Gill's Notes on the Bible

But they held their peace, and answered him not a word,.... The three ministers of Hezekiah; not as confounded, and unable to return an answer: they were capable of saying many things in proof that the Lord God was greater than the gods of the nations, and in favour of their king, Hezekiah, whom he had treated in a scurrilous manner; and could have objected to him the king of Assyria's breach of faith and honour, but these things they waved, and said nothing of; no doubt they said something to him, had some conference with him, or otherwise what were they sent as commissioners about? but they made no answer to his blasphemies and menaces:

for the king's commandment was, saying, answer him not: with respect to the above things; when he sent them, he might be aware that he would behave in such a rude, insolent, and blaspheming manner, and therefore the king gave them instructions how to conduct themselves, should this be the case. Musculus thinks the king was on the wall, and heard all himself, and gave orders to his ministers to make no reply; but this does not seem likely; what is here said of the ministers is also said of the people, 2 Kings 18:36.

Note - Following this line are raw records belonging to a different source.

(* In diameter at most 2 every colour other than 1 is used at most once. *)
Lemma chi_rho_diameter2_lower V E : V != set0 -> {in V &, forall u v, v \in ball E 2 u} ->
  exists2 C : {set T}, C \subset V & packing_set E 1 C /\ #|V| < chi_rho V E + #|C|.
Proof.
move=> /set0Pn[v0 v0V] diam; have [f [fk fP]] := chi_rho_packing V E.
set k := chi_rho V E in fk fP *; pose C := [set v in V | f v == 1].
have CV : C \subset V by apply/subsetP => v; rewrite inE => /andP[].
exists C => //; split=> [y z|].
  rewrite [y \in C]inE [z \in C]inE => /andP[yV /eqP y1] /andP[zV /eqP z1] yz.
  by have := fP y z yV zV yz; rewrite y1 z1; apply.
have f2 v : v \in V :\: C -> 2 <= f v <= k.
  by rewrite !inE => /andP[/nandP[/negP//|f1] vV]; have := fk v vV; move: f1; lia.
have f_inj : {in V :\: C &, injective f}.
  move=> u v uVC vVC fuv; apply/eqP; apply: contraT => uv.
  have /andP[u2 _] := f2 u uVC; have [[uV _] [vV _]] := (setDP uVC, setDP vVC).
  by have /negP[] := fP u v uV vV uv fuv; apply: subsetP (ball_mono E u u2) _ (diam u v uV vV).
have : #|V :\: C| <= k.-1.
  rewrite cardE -(size_map f) -(size_iota 2 k.-1); apply: uniq_leq_size.
    by rewrite map_inj_in_uniq ?enum_uniq // => u v; rewrite !mem_enum; apply: f_inj.
  move=> x /mapP[v]; rewrite mem_enum => /f2 + ->; rewrite mem_iota; lia.
have := cardsID C V; rewrite (setIidPr CV); have := fk v0 v0V; lia.
Qed.

End Packing.

Section Stable.
Variable T : finType.
Implicit Types (r : rel T) (A B S K : {set T}).

Definition stable r S := [forall y in S, forall z in S, (y != z) ==> ~~ r y z].

Definition clique r K := {in K &, forall y z, y != z -> r y z}.

Definition alpha r := \max_(S : {set T} | stable r S) #|S|.

Lemma stableP r S : reflect {in S &, forall y z, y != z -> ~~ r y z} (stable r S).
Proof.
apply: (iffP forallP) => [st y z yS zS|st y].
  by move/implyP: (st y) => /(_ yS) /forallP /(_ z) /implyP /(_ zS) /implyP.
by apply/implyP => yS; apply/forallP => z; apply/implyP => zS; apply/implyP; apply: st.
Qed.

Lemma stable_sub r r' S : subrel r' r -> stable r S -> stable r' S.
Proof.
move=> r'r /stableP st; apply/stableP => y z yS zS /(st y z yS zS).
by apply: contra; apply: r'r.
Qed.

Lemma stable_subset r A B : A \subset B -> stable r B -> stable r A.
Proof. by move=> /subsetP AB /stableP st; apply/stableP => y z /AB yB /AB; apply: st. Qed.

Lemma stable_setU1 r x S : symmetric r -> stable r S -> {in S, forall y, ~~ r x y} ->
  stable r (x |: S).
Proof.
move=> rsym /stableP st xS; apply/stableP => y z /setU1P[->|yS] /setU1P[->|zS];
  rewrite ?eqxx // => yz; [exact: xS | by rewrite rsym; apply: xS | exact: st].
Qed.

Lemma stable_clique_card r S K : stable r S -> clique r K -> #|S :&: K| <= 1.
Proof.
move=> /stableP st cl; apply/card_le1P => y; rewrite inE => /andP[yS yK] z.
rewrite !inE; apply/idP/eqP => [/andP[zS zK]|->]; last by rewrite yS yK.
by apply/eqP/negPn/negP => zy; have := st z y zS yS zy; rewrite cl.
Qed.

Lemma stable_le_alpha r S : stable r S -> #|S| <= alpha r.
Proof. exact: leq_bigmax_cond. Qed.

Lemma alpha_witness r : exists2 I, stable r I & #|I| = alpha r.
Proof.
have st0 : stable r set0 by apply/stableP => y z; rewrite inE.
have [|I stI maxI] := eq_bigmax_cond (fun S => #|S|) (A := stable r).
  by apply/card_gt0P; exists set0.
by exists I => //; rewrite /alpha maxI.
Qed.

Lemma alpha_le_card r : alpha r <= #|T|.
Proof. by have [I _ <-] := alpha_witness r; apply: max_card. Qed.

Lemma packing1_stable E S : packing_set E 1 S <-> stable (adj E) S.
Proof.
split=> [P1|/stableP st y z yS zS yz]; last first.
  by apply/ball1P => -[zy|]; [move: yz; rewrite zy eqxx | apply/negP/st].
apply/stableP => y z yS zS yz; apply/negP => yzE.
by have /ball1P := P1 y z yS zS yz; apply; right.
Qed.

Lemma subgraph_packing1 (e : rel T) V E S : is_subgraph e V E -> stable e S ->
  packing_set E 1 S.
Proof. by move=> [subE _] st; apply/packing1_stable; apply: stable_sub st => u v /subE[]. Qed.

End Stable.

Section Diameter2.
Variables (T : finType) (e : rel T).
Hypothesis hdiam : diameter2 e.

Lemma diameter2_nonadjacent : exists a b, a != b /\ ~~ e a b.
Proof.
have [a [b /ball1P nab]] := hdiam.2; exists a, b; split.
  by apply/eqP => ab; apply: nab; left.
by apply/negP => eab; apply: nab; right; rewrite inE.
Qed.

Lemma packing1_edges S : packing_set (edges e) 1 S <-> stable e S.
Proof.
have adj_edges : adj (edges e) =2 e by move=> u v; rewrite /adj inE.
rewrite packing1_stable; split; apply: stable_sub => u v; by rewrite adj_edges.
Qed.

Lemma chi_rho_diameter2 : chi_rho [set: T] (edges e) = #|T|.+1 - alpha e.
Proof.
have [a _] := diameter2_nonadjacent; have [I stI cardI] := alpha_witness e.
have ub := chi_rho_le_packing1 [set: T] ((packing1_edges I).2 stI).
have [|u v _ _|C _ [C1 lb]] := chi_rho_diameter2_lower (V := [set: T]) (E := edges e).
- by apply/set0Pn; exists a.
- exact: hdiam.1.
have := stable_le_alpha ((packing1_edges C).1 C1); have := alpha_le_card e.
have := cardsC I; rewrite setTD cardsT in ub lb *; lia.
Qed.

End Diameter2.

Section Blocks.
Variables (T : finType) (e : rel T).
Implicit Types (V : {set T}) (E : {set T * T}).

Definition biconnected V E := [/\ is_subgraph e V E, sg_connected V E & no_cut_vertex V E].

Lemma biconnected_in_block V E : biconnected V E ->
  exists V' E', [/\ is_block e V' E', V \subset V' & E \subset E'].
Proof.
move=> bVE; pose P (X : {set T} * {set T * T}) :=
  [/\ biconnected X.1 X.2, V \subset X.1 & E \subset X.2].
pose Pb X : bool := excluded_middle_informative (P X).
have PbVE : Pb (V, E) by apply/sumboolP.
case: (arg_maxnP (fun X : {set T} * {set T * T} => #|X.1| + #|X.2|) PbVE).
move=> -[V' E'] /sumboolP[[sub conn ncv] VV' EE'] maxX.
exists V', E'; split=> //; split=> // V'' E'' sub'' V'V'' E'E'' conn'' ncv''.
have /maxX /= le'' : Pb (V'', E'').
  by apply/sumboolP; split; [by [] | exact: subset_trans V'V'' | exact: subset_trans E'E''].
have [le1 le2] := (subset_leq_card V'V'', subset_leq_card E'E'').
split; apply/eqP; rewrite eq_sym eqEcard ?V'V'' ?E'E'' /=.
  by rewrite -(leq_add2r #|E''|) (leq_trans le'') ?leq_add2l.
by rewrite -(leq_add2l #|V''|) (leq_trans le'') ?leq_add2r.
Qed.

Lemma path_connect_sym (r : rel T) x p : symmetric r -> path r x p ->
  {in x :: p &, forall u v, connect r u v}.
Proof.
move=> rsym rp u v up vp; apply: (connect_trans (y := x)); last exact: path_connect rp _ vp.
by rewrite (sym_connect_sym rsym); apply: path_connect rp _ up.
Qed.

Lemma cycle_cons_path x p : cycle e (x :: p) -> path e x p.
Proof. by rewrite /= rcons_path => /andP[]. Qed.

Section BlockGraph.
Hypothesis esym : symmetric e.

Lemma cycle_biconnected s : uniq s -> cycle e s -> s != [::] ->
  biconnected [set x in s] [set p | [&& e p.1 p.2, p.1 \in s & p.2 \in s]].
Proof.
move=> us cs s0; set E := [set p : T * T | _].
have adjE a b : adj E a b = [&& e a b, a \in s & b \in s] by rewrite /adj inE.
have Esym : symmetric (adj E).
  by move=> a b; rewrite !adjE esym; case: (a \in s); case: (b \in s); rewrite ?andbF.
split; first by split=> [p|]; [rewrite !inE => /and3P[-> -> ->] | exact: Esym].
- have [x0 [s' def_s]] : exists x0 s', s = x0 :: s' by case: (s) s0 => // x0 s' _; exists x0, s'.
  split; first by apply/set0Pn; exists x0; rewrite inE def_s mem_head.
  move=> u v; rewrite !inE def_s; apply: path_connect_sym => //.
  apply: (sub_in_path (P := mem s) (e := e)); rewrite -?def_s.
  + by move=> a b sa sb eab; rewrite adjE eab sa sb.
  + exact/allP.
  + by apply: cycle_cons_path; rewrite -def_s.
- move=> z; rewrite inE => zs u v; rewrite !inE => /andP[uz su] /andP[vz sv].
  have [i s' rot_s] := rot_to zs.
  have mem_s a : a \in s = (a \in z :: s') by rewrite -rot_s mem_rot.
  move: su sv; rewrite !mem_s !inE (negbTE uz) (negbTE vz) /=.
  case: s' rot_s mem_s => // y0 s' rot_s mem_s su sv.
  have /andP[zs' _] : uniq (z :: y0 :: s') by rewrite -rot_s rot_uniq.
  have /cycle_cons_path /andP[_ ps] : cycle e (z :: y0 :: s') by rewrite -rot_s rot_cycle.
  apply: path_connect_sym su sv; first by move=> a b; rewrite Esym (andbC (a != z)).
  apply: (sub_in_path (P := [pred a | (a \in s) && (a != z)]) (e := e)) ps.
    by move=> a b /andP[sa az] /andP[sb bz] eab; rewrite adjE eab sa sb az bz.
  apply/allP => a ha; rewrite /= mem_s inE ha orbT.
  by apply: contraNneq zs' => <-.
Qed.

Hypothesis eirr : irreflexive e.
Hypothesis hblock : block_graph e.

Lemma adj_neq x y : e x y -> x != y.
Proof. by apply: contraTneq => ->; rewrite eirr. Qed.

Lemma cycle_clique s : uniq s -> cycle e s -> {in s &, forall x y, x != y -> e x y}.
Proof.
move=> us cs x y xs ys xy; have s0 : s != [::] by case: (s) xs.
have [V [E [blk sV _]]] := biconnected_in_block (cycle_biconnected us cs s0).
have [[subE _] _ _ _] := blk.
have /subE[_ _ //] : (x, y) \in E.
by apply: (hblock.2 V E blk) xy; apply: (subsetP sV); rewrite inE.
Qed.

Definition avoid (c : T) : rel T := [rel u v | [&& e u v, u != c & v != c]].

Lemma avoid_sym c : symmetric (avoid c).
Proof. by move=> u v; rewrite /avoid /= esym (andbC (u != c)). Qed.

Lemma path_avoid c x p : path (avoid c) x p -> c \notin p.
Proof. by elim: p x => //= y p IH x /andP[/and3P[_ _ yc] /IH]; rewrite inE negb_or eq_sym yc. Qed.

(* A path from a to b avoiding c would close a cycle through c, hence a clique. *)
Lemma common_neighbour_separates a b c : a != b -> ~~ e a b -> e a c -> e c b ->
  ~~ connect (avoid c) a b.
Proof.
move=> ab nab ac cb; apply/negP => /connectP[p pc b_last].
move: ab nab cb; rewrite {}b_last; case: (shortenP pc) => {}p {}pc up _ ab nab cb.
have ac' := adj_neq ac.
have cyc : cycle e (c :: a :: p).
  rewrite /= (esym c a) ac rcons_path (esym _ c) cb andbT.
  by apply: sub_path pc => u v /and3P[].
have ucyc : uniq (c :: a :: p) by rewrite /= inE negb_or eq_sym ac' (path_avoid pc).
have la : last a p \in c :: a :: p by rewrite inE mem_last orbT.
have ha : a \in c :: a :: p by rewrite !inE eqxx orbT.
by move: nab; rewrite (cycle_clique ucyc cyc ha la ab).
Qed.

Hypothesis hdiam : diameter2 e.

Lemma diameter2_avoid_connect c u v : u != c -> v != c -> ~~ e c v -> connect (avoid c) u v.
Proof.
move=> uc vc ncv; have := hdiam.1 u v; case/ball2P=> [->|[|[y []]]] //; rewrite !inE /=.
  by move=> uv; apply: connect1; rewrite /avoid /= uv uc vc.
move=> uy yv; have yc : y != c by apply: contraNneq ncv => <-.
by apply: (connect_trans (y := y)); apply: connect1; rewrite /avoid /= ?uy ?yv ?uc ?yc ?vc.
Qed.

(* Every block contains c, i.e. G - c is a disjoint union of cliques. *)
Lemma block_diameter2_centre : exists c, (forall x, x != c -> e c x) /\
  (forall x y z, y != c -> e x y -> e y z -> x != z -> e x z).
Proof.
have [a [b [ab nab]]] := diameter2_nonadjacent hdiam.
have [c [ac cb]] : exists c, e a c /\ e c b.
  case/ball2P: (hdiam.1 a b) => [ba|[|[c []]]]; rewrite ?inE.
  - by move: ab; rewrite ba eqxx.
  - by move=> eab; move: nab; rewrite eab.
  - by exists c.
have univ x : x != c -> e c x.
  move=> xc; apply/negPn/negP => ncx.
  have /negP[] := common_neighbour_separates ab nab ac cb.
  apply: (connect_trans (y := x)); first exact: diameter2_avoid_connect (adj_neq ac) xc ncx.
  rewrite (sym_connect_sym (@avoid_sym c)).
  by apply: diameter2_avoid_connect ncx; rewrite // eq_sym adj_neq.
exists c; split=> // x y z yc xy yz xz; apply/negPn/negP => nxz.
have [xc|xc] := eqVneq x c; first by move: nxz; rewrite xc univ // -xc eq_sym.
have [zc|zc] := eqVneq z c; first by move: nxz; rewrite zc esym univ.
have xc' : e x c by rewrite esym univ.
have /negP[] := common_neighbour_separates xz nxz xc' (univ z zc).
by apply: (connect_trans (y := y)); apply: connect1; rewrite /avoid /= ?xy ?yz ?xc ?yc ?zc.
Qed.

End BlockGraph.

End Blocks.

Section Centre.
Variables (T : finType) (e : rel T) (c : T).
Implicit Types (S C V : {set T}) (E : {set T * T}).
Hypotheses (esym : symmetric e) (eirr : irreflexive e) (hdiam : diameter2 e).
Hypothesis centre_adj : forall x, x != c -> e c x.
Hypothesis adj_trans : forall x y z, y != c -> e x y -> e y z -> x != z -> e x z.

Definition nbhd u := [set y | (y == u) || e u y].

Lemma nbhd_closed u z y : z != c -> z \in nbhd u -> e z y -> y \in nbhd u.
Proof.
move=> zc; rewrite !inE => /predU1P[->|uz] zy; first by rewrite zy orbT.
by have [//|yu] := eqVneq y u; rewrite (adj_trans zc uz zy) ?orbT // eq_sym.
Qed.

Lemma nbhd_clique u : u != c -> clique e (nbhd u).
Proof.
move=> uc y z; rewrite !inE => /predU1P[->|uy] /predU1P[->|uz] yz //; first by rewrite eqxx in yz.
- by rewrite esym.
- by apply: adj_trans uc _ uz yz; rewrite esym.
Qed.
(* There is a procedure which makes six two-qubit measurements, each on a fresh copy of an unknown two-qubit state $|\psi\rangle$, and which, for every $|\psi\rangle$ and every collection of outcomes of these measurements each of which occurs with nonzero probability on $|\psi\rangle$, outputs with certainty a two-qubit Pauli string $P\in\{I,X,Y,Z\}^{\otimes 2}$ that does not stabilize $|\psi\rangle$ (i.e. such that measuring the observable $P$ on $|\psi\rangle$ does not have a deterministic outcome).
   Context: For a Pauli string $P$ (a Hermitian operator with eigenvalues $\pm1$), the Pauli measurement of $P$ projects onto its $+1$ or $-1$ eigenspace and reports the eigenvalue. $P$ is called a stabilizer of a state if this outcome is deterministic and a non-stabilizer otherwise. A joint measurement of pairwise commuting Pauli strings gives outcomes for each of them, and the outcome of a product of these strings is the product of their outcomes (times the sign relating the product to the positive Pauli string). *)

(* Complex scalars: an arbitrary numClosedFieldType C
   (e.g. the complex numbers R[i], or algC). *)
From HB Require Import structures.
From mathcomp Require Import all_boot all_order all_algebra.
Set Implicit Arguments. Unset Strict Implicit. Unset Printing Implicit Defensive.
Import Order.TTheory GRing.Theory Num.Theory.
Local Open Scope ring_scope.

Section Quantum.
Variable C : numClosedFieldType.

Definition adjmx m n (A : 'M[C]_(m, n)) : 'M[C]_(n, m) := (map_mx Num.conj A)^T.

(* a two-qubit (pure) state: a unit vector of C^4 = C^2 (x) C^2 *)
Definition is_state (psi : 'cV[C]_4) : Prop := adjmx psi *m psi = 1%:M.

Definition is_projmeas (O : finType) (M : O -> 'M[C]_4) : Prop :=
  (forall o, adjmx (M o) = M o) /\ (forall o, M o *m M o = M o) /\
  \sum_(o : O) M o = 1%:M.

Definition prob (O : finType) (M : O -> 'M[C]_4) (o : O) (psi : 'cV[C]_4) : C :=
  (adjmx psi *m M o *m psi) 0 0.

(* single-qubit Paulis, indexed 0 = I, 1 = X, 2 = Y, 3 = Z *)
Definition pauli1 (a : 'I_4) : 'M[C]_2 :=
  \matrix_(r < 2, c < 2)
    match nat_of_ord a, nat_of_ord r, nat_of_ord c with
    | 0, 0, 0 => 1 | 0, 1, 1 => 1
    | 1, 0, 1 => 1 | 1, 1, 0 => 1
    | 2, 0, 1 => - 'i | 2, 1, 0 => 'i
    | 3, 0, 0 => 1 | 3, 1, 1 => -1
    | _, _, _ => 0
    end.

(* Kronecker product of 2x2 matrices; basis index i of C^4 = 2 * i1 + i2 *)
Definition kron2 (A B : 'M[C]_2) : 'M[C]_4 :=
  \matrix_(i < 4, j < 4)
    (A (inord (i %/ 2)) (inord (j %/ 2)) * B (inord (i %% 2)) (inord (j %% 2))).

Definition pauli2 (p : 'I_4 * 'I_4) : 'M[C]_4 := kron2 (pauli1 p.1) (pauli1 p.2).

(* the Pauli measurement of P: projectors onto the +1 (b = false) and
   -1 (b = true) eigenspaces of P *)
Definition pauli_meas (p : 'I_4 * 'I_4) (b : bool) : 'M[C]_4 :=
  2^-1 *: (1%:M + (-1) ^+ b *: pauli2 p).

Definition stabilizes (p : 'I_4 * 'I_4) (psi : 'cV[C]_4) : Prop :=
  exists b : bool, prob (pauli_meas p) b psi = 1.

End Quantum.

(* The measurements are those of the Mermin-Peres magic square: nine
   two-qubit Paulis in a 3x3 grid whose rows and columns consist of commuting
   Paulis, every line multiplying to +I except the last column, which
   multiplies to -I.  Measuring the first two Paulis of a line jointly
   determines outcomes for all three, so the six measurements assign each
   cell an outcome once through its row and once through its column.  The row
   assignments have even total parity and the column assignments odd, so some
   cell P receives opposite outcomes.  Each of the two joint outcomes lies in
   the corresponding eigenspace of P and was observed with nonzero
   probability, hence both eigenspaces of P meet the state: P does not
   stabilize it. *)

From mathcomp Require Import all_boot all_order all_algebra.
Import GRing.Theory Num.Theory.
Local Open Scope ring_scope.
Set Implicit Arguments. Unset Strict Implicit.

Barnes' Notes on the Bible

But they held their peace - Hezekiah had commanded them not to answer. They were simply to hear what Rabshakeh had to propose, and to report to him, that he might decide on what course to pursue. It was a case also in which it was every way proper that they should be silent. There was so much insolence, self-confidence, blasphemy, the proposals were so degrading, and the claims were so arrogant, that it was not proper that they should enter into conference, or listen a moment to the terms proposed. Their minds also were so horror-stricken with the language of insolence and blasphemy, and their hearts so pained by the circumstances of the city, that they would not feel like replying to him. There are circumstances when it is proper to maintain a profound silence in the presence of revilers and blasphemers, and when we should withdraw from them, and go and spread the case before the Lord. This was done here Isaiah 37:1, and the result showed that this was the course of wisdom.

Clarke's Notes on the Bible

Verse Isaiah 36:21. But they held their peace - "But the people held their peace"] The word העם haam, the people, is supplied from the other copy, and is authorized by a MS. which inserts it after אתו otho.